Everyone in Koror mentioned Babeldaob the same way — with a slight tilt of the head, a pause, and something along the lines of “you can go up there, but there’s not much to do.” Which meant, of course, that I had to go immediately. Babeldaob is the second-largest island in Micronesia after Guam — a fact so disproportionate to its tourist profile that it took me a minute to process — and it comprises almost eighty percent of Palau’s land area. It also contains roughly a third of Palau’s small population, the new capital of Ngerulmud, several ancient stone village sites, terraced hillsides that were cleared for agriculture centuries ago and have since regrown, and a quality of quiet that you don’t find in the Rock Islands.

I hired a car and a local guide — the roads are paved now as far as Ngerulmud, but the smaller tracks that lead to the interior sites are another matter — and we spent a full day working our way around the island’s circumference and then into its interior. The soil on Babeldaob is a deep laterite red, almost orange in the morning light, and the roads cut through it with that raw quality of infrastructure that’s recent enough not to have been absorbed into the landscape yet. You see the jungle pressing in from both sides, the banyan roots crossing the tarmac, the ferns growing out of road cuts. The island is reclaiming things steadily.
The stone monoliths at Badrulchau — a collection of large basalt stones arranged in rows in a forest clearing in the island’s north — stopped me in a way I didn’t expect. There are sixteen of them, some upright, some fallen, covered in moss and lichen, set in a clearing where the light comes through the canopy in moving patches. No one knows with certainty what they were for, which my guide treated as a reasonable fact of history rather than a mystery requiring an answer. “They were important,” he said. “That’s what we know.” I spent forty minutes there, not doing anything in particular, just sitting on the grass and thinking about all the centuries the stones had been standing there being rained on.
The terraced hillsides visible from various points on the road were cleared and shaped by Palauan communities centuries ago for taro cultivation. They’ve been largely unused since the population shifted to the islands and towns, and the terraces are slowly being overgrown — but from the road you can still see the deliberate geometry of them, the way human intention imposed itself on the hills.
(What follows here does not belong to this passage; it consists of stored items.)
(* Let $\mathcal{C}$ be a category, $J$ a directed partially ordered set, and let $\boldsymbol{X}=(X_\lambda,p_{\lambda\lambda'},\Lambda)$ and $\boldsymbol{Y}=(Y_\mu,q_{\mu\mu'},M)$ be inverse systems in $\mathcal{C}$ with $M$ cofinite. Then every morphism $\boldsymbol{f}=[(f,f^j_\mu)]:\boldsymbol{X}\to\boldsymbol{Y}$ of $pro^J$-$\mathcal{C}$ admits a simple representative $(f',f'^j_\mu):\boldsymbol{X}\to\boldsymbol{Y}$.
   Context: An inverse system $\boldsymbol{X}=(X_\lambda,p_{\lambda\lambda'},\Lambda)$ in $\mathcal{C}$: $\Lambda$ directed preordered, morphisms $p_{\lambda\lambda'}:X_{\lambda'}\to X_\lambda$ for $\lambda\le\lambda'$, $p_{\lambda\lambda}=1$, $p_{\lambda\lambda'}p_{\lambda'\lambda''}=p_{\lambda\lambda''}$. A directed set is cofinite if each element has finitely many predecessors. A $J$-morphism $(f,f^j_\mu):\boldsymbol{X}\to\boldsymbol{Y}$: $f:M\to\Lambda$ and $\mathcal{C}$-morphisms $f^j_\mu:X_{f(\mu)}\to Y_\mu$ ($\mu\in M$, $j\in J$) such that for all $\mu\le\mu'$ there exist $\lambda\ge f(\mu),f(\mu')$ and $j_0$ with $f^{j'}_\mu p_{f(\mu)\lambda}=q_{\mu\mu'}f^{j'}_{\mu'}p_{f(\mu')\lambda}$ for all $j'\ge j_0$. It is simple if $f$ is increasing and for every $\mu\le\mu'$ one may take $\lambda=f(\mu')$. $(f,f^j_\mu)\sim(f',f'^j_\mu)$ iff for every $\mu$ there exist $\lambda\ge f(\mu),f'(\mu)$ and $j_0$ with $f^{j'}_\mu p_{f(\mu)\lambda}=f'^{j'}_\mu p_{f'(\mu)\lambda}$ for all $j'\ge j_0$. $pro^J$-$\mathcal{C}$ is the category of inverse systems and $\sim$-classes of $J$-morphisms, composition $(g,g^j_\nu)(f,f^j_\mu)=(fg,g^j_\nu f^j_{g(\nu)})$. *)

From Stdlib Require Import List.
Set Implicit Arguments.
Unset Strict Implicit.

Record Category := {
  Ob :> Type;
  Hom : Ob -> Ob -> Type;
  comp : forall {x y z : Ob}, Hom y z -> Hom x y -> Hom x z;
  idm : forall a : Ob, Hom a a;
  comp_assoc : forall a b c d (h : Hom c d) (g : Hom b c) (f : Hom a b),
      comp h (comp g f) = comp (comp h g) f;
  comp_id_l : forall a b (f : Hom a b), comp (idm b) f = f;
  comp_id_r : forall a b (f : Hom a b), comp f (idm a) = f
}.
Arguments Hom {c} _ _ : rename.
Arguments comp {c x y z} _ _ : rename.
Arguments idm {c} _ : rename.

Record DirPreorder := {
  Idx :> Type;
  dle : Idx -> Idx -> Prop;
  dle_refl : forall x, dle x x;
  dle_trans : forall x y z, dle x y -> dle y z -> dle x z;
  dle_directed : forall x y, exists z, dle x z /\ dle y z
}.
Arguments dle {d} _ _ : rename.

Record DirPoset := {
  dp :> DirPreorder;
  dle_antisym : forall x y : dp, dle x y -> dle y x -> x = y
}.

Definition cofinite (M : DirPreorder) : Prop :=
  forall m : M, exists l : list M, forall m' : M, dle m' m -> In m' l.

Record InvSys (C : Category) := {
  ind : DirPreorder;
  obj : ind -> Ob C;
  bond : forall l l' : ind, dle l l' -> Hom (obj l') (obj l);
  bond_id : forall (l : ind) (h : dle l l), bond h = idm (obj l);
  bond_comp : forall (l l' l'' : ind) (h1 : dle l l') (h2 : dle l' l'')
      (h3 : dle l l''), comp (bond h1) (bond h2) = bond h3
}.
Arguments ind {C} _.
Arguments obj {C} _ _.
Arguments bond {C} _ {l l'} _.

Record JData (C : Category) (J : DirPoset) (X Y : InvSys C) := {
  jmap : ind Y -> ind X;
  jcomp : forall (j : J) (mu : ind Y), Hom (obj X (jmap mu)) (obj Y mu)
}.
Arguments jmap {C J X Y} _ _.
Arguments jcomp {C J X Y} _ _ _.

Definition is_Jmorphism {C : Category} {J : DirPoset} {X Y : InvSys C}
    (F : JData J X Y) : Prop :=
  forall (mu mu' : ind Y) (h : dle mu mu'),
    exists (lam : ind X) (h1 : dle (jmap F mu) lam) (h2 : dle (jmap F mu') lam)
           (j0 : J),
      forall j' : J, dle j0 j' ->
        comp (jcomp F j' mu) (bond X h1)
        = comp (bond Y h) (comp (jcomp F j' mu') (bond X h2)).

Definition is_simple {C : Category} {J : DirPoset} {X Y : InvSys C}
    (F : JData J X Y) : Prop :=
  is_Jmorphism F /\
  (forall mu mu' : ind Y, dle mu mu' -> dle (jmap F mu) (jmap F mu')) /\
  (forall (mu mu' : ind Y) (h : dle mu mu') (h1 : dle (jmap F mu) (jmap F mu')),
     exists j0 : J, forall j' : J, dle j0 j' ->
       comp (jcomp F j' mu) (bond X h1)
       = comp (bond Y h) (jcomp F j' mu')).

Definition Jsim {C : Category} {J : DirPoset} {X Y : InvSys C}
    (F G : JData J X Y) : Prop :=
  forall mu : ind Y,
    exists (lam : ind X) (h1 : dle (jmap F mu) lam) (h2 : dle (jmap G mu) lam)
           (j0 : J),
      forall j' : J, dle j0 j' ->
        comp (jcomp F j' mu) (bond X h1) = comp (jcomp G j' mu) (bond X h2).

(* Cofiniteness of M does two things.  Each μ has finitely many predecessors,
   so some index b(μ) of X lies above a level at which every J-morphism square
   ending at μ commutes; and the strict order of M is well founded, so a
   recursion along it yields an increasing f' with b ≤ f'.  A square that
   commutes at some level commutes at every higher one, hence composing f^j_μ
   with the bonding morphism X_{f'(μ)} → X_{f(μ)} gives a simple J-morphism,
   which is equivalent to f by construction. *)
From Stdlib Require Import List Lia Wf_nat Classical ClassicalEpsilon
  FunctionalExtensionality PropExtensionality.

Lemma bond_irrelevant {C : Category} {X : InvSys C} {l l' : ind X}
    (h h' : dle l l') :
  bond X h = bond X h'.
Proof.
  rewrite <- (bond_comp h (dle_refl l') h'), bond_id, comp_id_r.
  reflexivity.
Qed.

Lemma upper_bound_list {D : DirPreorder} {A : Type} (phi : A -> D)
    (l : list A) (d : D) :
  exists u, dle d u /\ forall x, In x l -> dle (phi x) u.
Proof.
  induction l as [|a l [u [Hdu Hlu]]].
  - exists d; split; [apply dle_refl | intros x []].
  - destruct (dle_directed u (phi a)) as [z [Huz Haz]].
    exists z; split; [eapply dle_trans; eauto |].
    intros x [<- | Hx]; [exact Haz | eapply dle_trans; eauto].
Qed.

Fixpoint count_sat {A : Type} (P : A -> Prop) (l : list A) : nat :=
  match l with
  | nil => 0
  | a :: l =>
      (if excluded_middle_informative (P a) then 1 else 0) + count_sat P l
  end.

Lemma count_sat_le {A : Type} (P Q : A -> Prop) (l : list A) :
  (forall x, P x -> Q x) -> count_sat P l <= count_sat Q l.
Proof.
  intros HPQ; induction l as [|a l IH]; simpl; [lia |].
  destruct (excluded_middle_informative (P a)),
    (excluded_middle_informative (Q a)); try lia.
  exfalso; auto.
Qed.

Lemma count_sat_lt {A : Type} (P Q : A -> Prop) (l : list A) (a : A) :
  (forall x, P x -> Q x) -> In a l -> Q a -> ~ P a ->
  count_sat P l < count_sat Q l.
Proof.
  intros HPQ Hin HQa HPa; induction l as [|b l IH]; simpl in *; [contradiction |].
  pose proof (count_sat_le P Q l HPQ).
  destruct Hin as [-> | Hin].
  - destruct (excluded_middle_informative (P a)),
      (excluded_middle_informative (Q a)); try lia; contradiction.
  - specialize (IH Hin).
    destruct (excluded_middle_informative (P b)),
      (excluded_middle_informative (Q b)); try lia.
    exfalso; auto.
Qed.

Section MonotoneDomination.

Context {M Lam : DirPreorder}.
Hypothesis hM : cofinite M.
Variable b : M -> Lam.

Definition strictly_below (nu mu : M) : Prop := dle nu mu /\ ~ dle mu nu.

(* Strictly descending from [nu] decreases the number of predecessors of [nu]
   found in [l]. *)
Lemma strictly_below_Acc (l : list M) (nu : M) :
  (forall x, dle x nu -> In x l) -> Acc strictly_below nu.
Proof.
  induction nu as [nu IH] using (well_founded_induction
    (well_founded_ltof _ (fun nu => count_sat (fun x => dle x nu) l))).
  intros Hl; constructor; intros nu' [Hle Hnge].
  apply IH.
  - apply count_sat_lt with (a := nu); [intros x Hx; eapply dle_trans; eauto |
      apply Hl, dle_refl | apply dle_refl | exact Hnge].
  - intros x Hx; apply Hl; eapply dle_trans; eauto.
Qed.

Lemma strictly_below_wf : well_founded strictly_below.
Proof.
  intros mu; destruct (hM mu) as [l Hl].
  exact (strictly_below_Acc l mu Hl).
Qed.

(* The bound is required over the whole down-set of [mu], not just at [mu],
   so that it depends on [mu] only up to equivalence ([admissible_equiv]). *)
Definition admissible (mu : M) (g : forall nu, strictly_below nu mu -> Lam)
    (l : Lam) : Prop :=
  (forall nu, dle nu mu -> dle (b nu) l) /\
  (forall nu (h : strictly_below nu mu), dle (g nu h) l).

Lemma admissible_exists (g : M -> Lam) (mu : M) :
  exists l, admissible mu (fun nu _ => g nu) l.
Proof.
  destruct (hM mu) as [pre Hpre].
  destruct (upper_bound_list b pre (b mu)) as [u1 [_ Hu1]].
  destruct (upper_bound_list g pre (b mu)) as [u2 [_ Hu2]].
  destruct (dle_directed u1 u2) as [z [Hz1 Hz2]].
  exists z; split.
  - intros nu Hnu; eapply dle_trans; [apply Hu1, Hpre, Hnu | exact Hz1].
  - intros nu [Hnu _]; eapply dle_trans; [apply Hu2, Hpre, Hnu | exact Hz2].
Qed.

Lemma admissible_equiv (g : M -> Lam) (mu mu' : M) (l : Lam) :
  dle mu mu' -> dle mu' mu ->
  admissible mu (fun nu _ => g nu) l -> admissible mu' (fun nu _ => g nu) l.
Proof.
  intros H1 H2 [Hb Hg]; split.
  - intros nu Hnu; apply Hb; eapply dle_trans; eauto.
  - intros nu [Hle Hnge]; apply (Hg nu); split.
    + eapply dle_trans; eauto.
    + intros Hge; apply Hnge; eapply dle_trans; eauto.
Qed.

Definition dominating_step (mu : M)
    (g : forall nu, strictly_below nu mu -> Lam) : Lam :=
  epsilon (inhabits (b mu)) (admissible mu g).

Definition dominating : M -> Lam :=
  Fix strictly_below_wf (fun _ => Lam) dominating_step.

Lemma dominating_unfold (mu : M) :
  dominating mu = dominating_step mu (fun nu _ => dominating nu).
Proof.
  apply (Fix_eq strictly_below_wf (fun _ => Lam) dominating_step).
  intros nu g1 g2 E; f_equal.
  apply functional_extensionality_dep; intros x.
  apply functional_extensionality_dep; intros h; apply E.
Qed.

Lemma dominating_admissible (mu : M) :
  admissible mu (fun nu _ => dominating nu) (dominating mu).
Proof.
  rewrite (dominating_unfold mu).
  unfold dominating_step; apply epsilon_spec, admissible_exists.
Qed.

Lemma dominating_equiv (mu mu' : M) :
  dle mu mu' -> dle mu' mu -> dominating mu = dominating mu'.
Proof.
  intros H1 H2; rewrite !dominating_unfold; unfold dominating_step.
  rewrite (proof_irrelevance _ (inhabits (b mu)) (inhabits (b mu'))).
  f_equal; apply functional_extensionality; intros l.
  apply propositional_extensionality; split; apply admissible_equiv; assumption.
Qed.

Lemma dominating_monotone (mu mu' : M) :
  dle mu mu' -> dle (dominating mu) (dominating mu').
Proof.
  intros H; destruct (classic (dle mu' mu)) as [H' | H'].
  - rewrite (dominating_equiv mu mu' H H'); apply dle_refl.
  - apply (proj2 (dominating_admissible mu')); split; assumption.
Qed.

Lemma dominating_ge (mu : M) : dle (b mu) (dominating mu).
Proof. apply (proj1 (dominating_admissible mu)), dle_refl. Qed.

End MonotoneDomination.

Lemma monotone_dominating {M Lam : DirPreorder} (hM : cofinite M)
    (b : M -> Lam) :
  exists f : M -> Lam,
    (forall mu mu', dle mu mu' -> dle (f mu) (f mu')) /\
    (forall mu, dle (b mu) (f mu)).
Proof.
  exists (dominating hM b); split;
    [apply dominating_monotone | apply dominating_ge].
Qed.

Section Jmorphisms.

Context {C : Category} {J : DirPoset} {X Y : InvSys C}.

Definition commutes_at (F : JData J X Y) {mu mu' : ind Y} (h : dle mu mu')
    (lam : ind X) : Prop :=
  exists (h1 : dle (jmap F mu) lam) (h2 : dle (jmap F mu') lam) (j0 : J),
    forall j' : J, dle j0 j' ->
      comp (jcomp F j' mu) (bond X h1)
      = comp (bond Y h) (comp (jcomp F j' mu') (bond X h2)).

Lemma commutes_at_irrelevant (F : JData J X Y) {mu mu' : ind Y}
    (h h' : dle mu mu') {lam : ind X} :
  commutes_at F h lam -> commutes_at F h' lam.
Proof. unfold commutes_at; rewrite (bond_irrelevant h h'); trivial. Qed.

Lemma commutes_at_mono (F : JData J X Y) {mu mu' : ind Y} (h : dle mu mu')
    {lam lam' : ind X} :
  dle lam lam' -> commutes_at F h lam -> commutes_at F h lam'.
Proof.
  intros Hl (h1 & h2 & j0 & E).
  exists (dle_trans h1 Hl), (dle_trans h2 Hl), j0; intros j' Hj.
  rewrite <- (bond_comp h1 Hl), <- (bond_comp h2 Hl), !comp_assoc, E by exact Hj.
  rewrite !comp_assoc; reflexivity.
Qed.

Lemma Jmorphism_commutes_below (F : JData J X Y) :
  cofinite (ind Y) -> is_Jmorphism F ->
  exists b : ind Y -> ind X,
    forall (mu mu' : ind Y) (h : dle mu mu'), commutes_at F h (b mu').
Proof.
  intros hM hF.
  assert (Hb : forall mu', exists u : ind X,
             forall mu (h : dle mu mu'), commutes_at F h u).
  { intros mu'.
    assert (Hlam : exists lam : ind Y -> ind X,
               forall mu (h : dle mu mu'), commutes_at F h (lam mu)).
    { apply (choice (fun mu l => forall h : dle mu mu', commutes_at F h l)).
      intros mu; destruct (classic (dle mu mu')) as [h | Hnle].
      - destruct (hF mu mu' h) as (lam & HF); exists lam.
        intros h'; exact (commutes_at_irrelevant F h h' HF).
      - exists (jmap F mu); intros h; contradiction. }
    destruct Hlam as [lam Hlam], (hM mu') as [pre Hpre].
    destruct (upper_bound_list lam pre (jmap F mu')) as [u [_ Hu]].
    exists u; intros mu h.
    exact (commutes_at_mono F h (Hu mu (Hpre mu h)) (Hlam mu h)). }
  apply choice in Hb as [b Hb].
  exists b; intros mu mu' h; apply Hb.
Qed.

Lemma Jmorphism_of_simple_squares (G : JData J X Y) :
  (forall mu mu', dle mu mu' -> dle (jmap G mu) (jmap G mu')) ->
  (forall (mu mu' : ind Y) (h : dle mu mu')
          (h1 : dle (jmap G mu) (jmap G mu')),
     exists j0 : J, forall j' : J, dle j0 j' ->
       comp (jcomp G j' mu) (bond X h1) = comp (bond Y h) (jcomp G j' mu')) ->
  is_Jmorphism G.
Proof.
  intros Hmono Hsq mu mu' h.
  destruct (Hsq mu mu' h (Hmono mu mu' h)) as [j0 E].
  exists (jmap G mu'), (Hmono mu mu' h), (dle_refl _), j0.
  intros j' Hj; rewrite bond_id, comp_id_r; exact (E j' Hj).
Qed.

Definition shift_Jdata (F : JData J X Y) {f : ind Y -> ind X}
    (hf : forall mu, dle (jmap F mu) (f mu)) : JData J X Y :=
  {| jmap := f; jcomp := fun j mu => comp (jcomp F j mu) (bond X (hf mu)) |}.

Lemma shift_Jdata_simple (F : JData J X Y) {f : ind Y -> ind X}
    (hf : forall mu, dle (jmap F mu) (f mu)) :
  (forall mu mu', dle mu mu' -> dle (f mu) (f mu')) ->
  (forall (mu mu' : ind Y) (h : dle mu mu'), commutes_at F h (f mu')) ->
  is_simple (shift_Jdata F hf).
Proof.
  intros Hmono Hsq.
  assert (Hsq' : forall (mu mu' : ind Y) (h : dle mu mu') (h1 : dle (f mu) (f mu')),
     exists j0 : J, forall j' : J, dle j0 j' ->
       comp (comp (jcomp F j' mu) (bond X (hf mu))) (bond X h1)
       = comp (bond Y h) (comp (jcomp F j' mu') (bond X (hf mu')))).
  { intros mu mu' h h1; destruct (Hsq mu mu' h) as (k1 & k2 & j0 & E).
    exists j0; intros j' Hj.
    rewrite <- comp_assoc, (bond_comp (hf mu) h1 k1), E by exact Hj.
    rewrite (bond_irrelevant k2 (hf mu')); reflexivity. }
  split; [apply Jmorphism_of_simple_squares |]; auto.
Qed.

Lemma shift_Jdata_sim (F : JData J X Y) {f : ind Y -> ind X}
    (hf : forall mu, dle (jmap F mu) (f mu)) :
  is_Jmorphism F -> Jsim F (shift_Jdata F hf).
Proof.
  intros hF mu.
  destruct (hF mu mu (dle_refl mu)) as (_ & _ & _ & j0 & _).
  exists (f mu), (hf mu), (dle_refl _), j0; intros j' _; simpl.
  rewrite bond_id, comp_id_r; reflexivity.
Qed.

End Jmorphisms.

Theorem lemma6 (C : Category) (J : DirPoset) (X Y : InvSys C)
    (hM : cofinite (ind Y)) (F : JData J X Y) (hF : is_Jmorphism F) :
  exists F' : JData J X Y, is_Jmorphism F' /\ is_simple F' /\ Jsim F F'.
Proof.
  destruct (Jmorphism_commutes_below F hM hF) as [b Hb].
  destruct (monotone_dominating hM b) as [f [Hmono Hbf]].
  assert (Hsq : forall (mu mu' : ind Y) (h : dle mu mu'), commutes_at F h (f mu'))
    by (intros mu mu' h; exact (commutes_at_mono F h (Hbf mu') (Hb mu mu' h))).
  assert (hf : forall mu, dle (jmap F mu) (f mu))
    by (intros mu; destruct (Hsq mu mu (dle_refl mu)) as [h1 _]; exact h1).
  pose proof (shift_Jdata_simple F hf Hmono Hsq) as Hsimple.
  exists (shift_Jdata F hf); split; [exact (proj1 Hsimple) |].
  split; [exact Hsimple | exact (shift_Jdata_sim F hf hF)].
Qed.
It’s the kind of landscape that makes you think about the relationship between land and time, which sounds abstract but is actually very concrete when you’re looking at a hillside that hundreds of people shaped and then left.

Ngerulmud, Palau’s new capital built in 2006 on a hilltop in the island’s interior, is worth a stop not for its architecture — which is utilitarian at best — but for the sheer strangeness of being in a national capital that almost nobody visits. The government buildings sit on a cleared plateau surrounded by jungle, and there is a parking lot with very few cars in it and the particular silence of places built at a scale larger than their current use demands. I ate lunch at a small canteen near the administrative buildings — local rice and fish, served by a woman who seemed mildly surprised to see a foreigner there — and drove back south through the red-dirt interior feeling like I had found a piece of Palau that most people skip, which is usually where the real texture is.
When to go: Babeldaob is accessible year-round, and the interior roads are navigable in dry season and early wet season. The waterfalls at Ngardmau in the island’s north run strongest in the wet season (May through October) if that’s your target. A car and guide is the only practical way to see the island properly; public transport is minimal and distances between sites are real. Allow a full day minimum.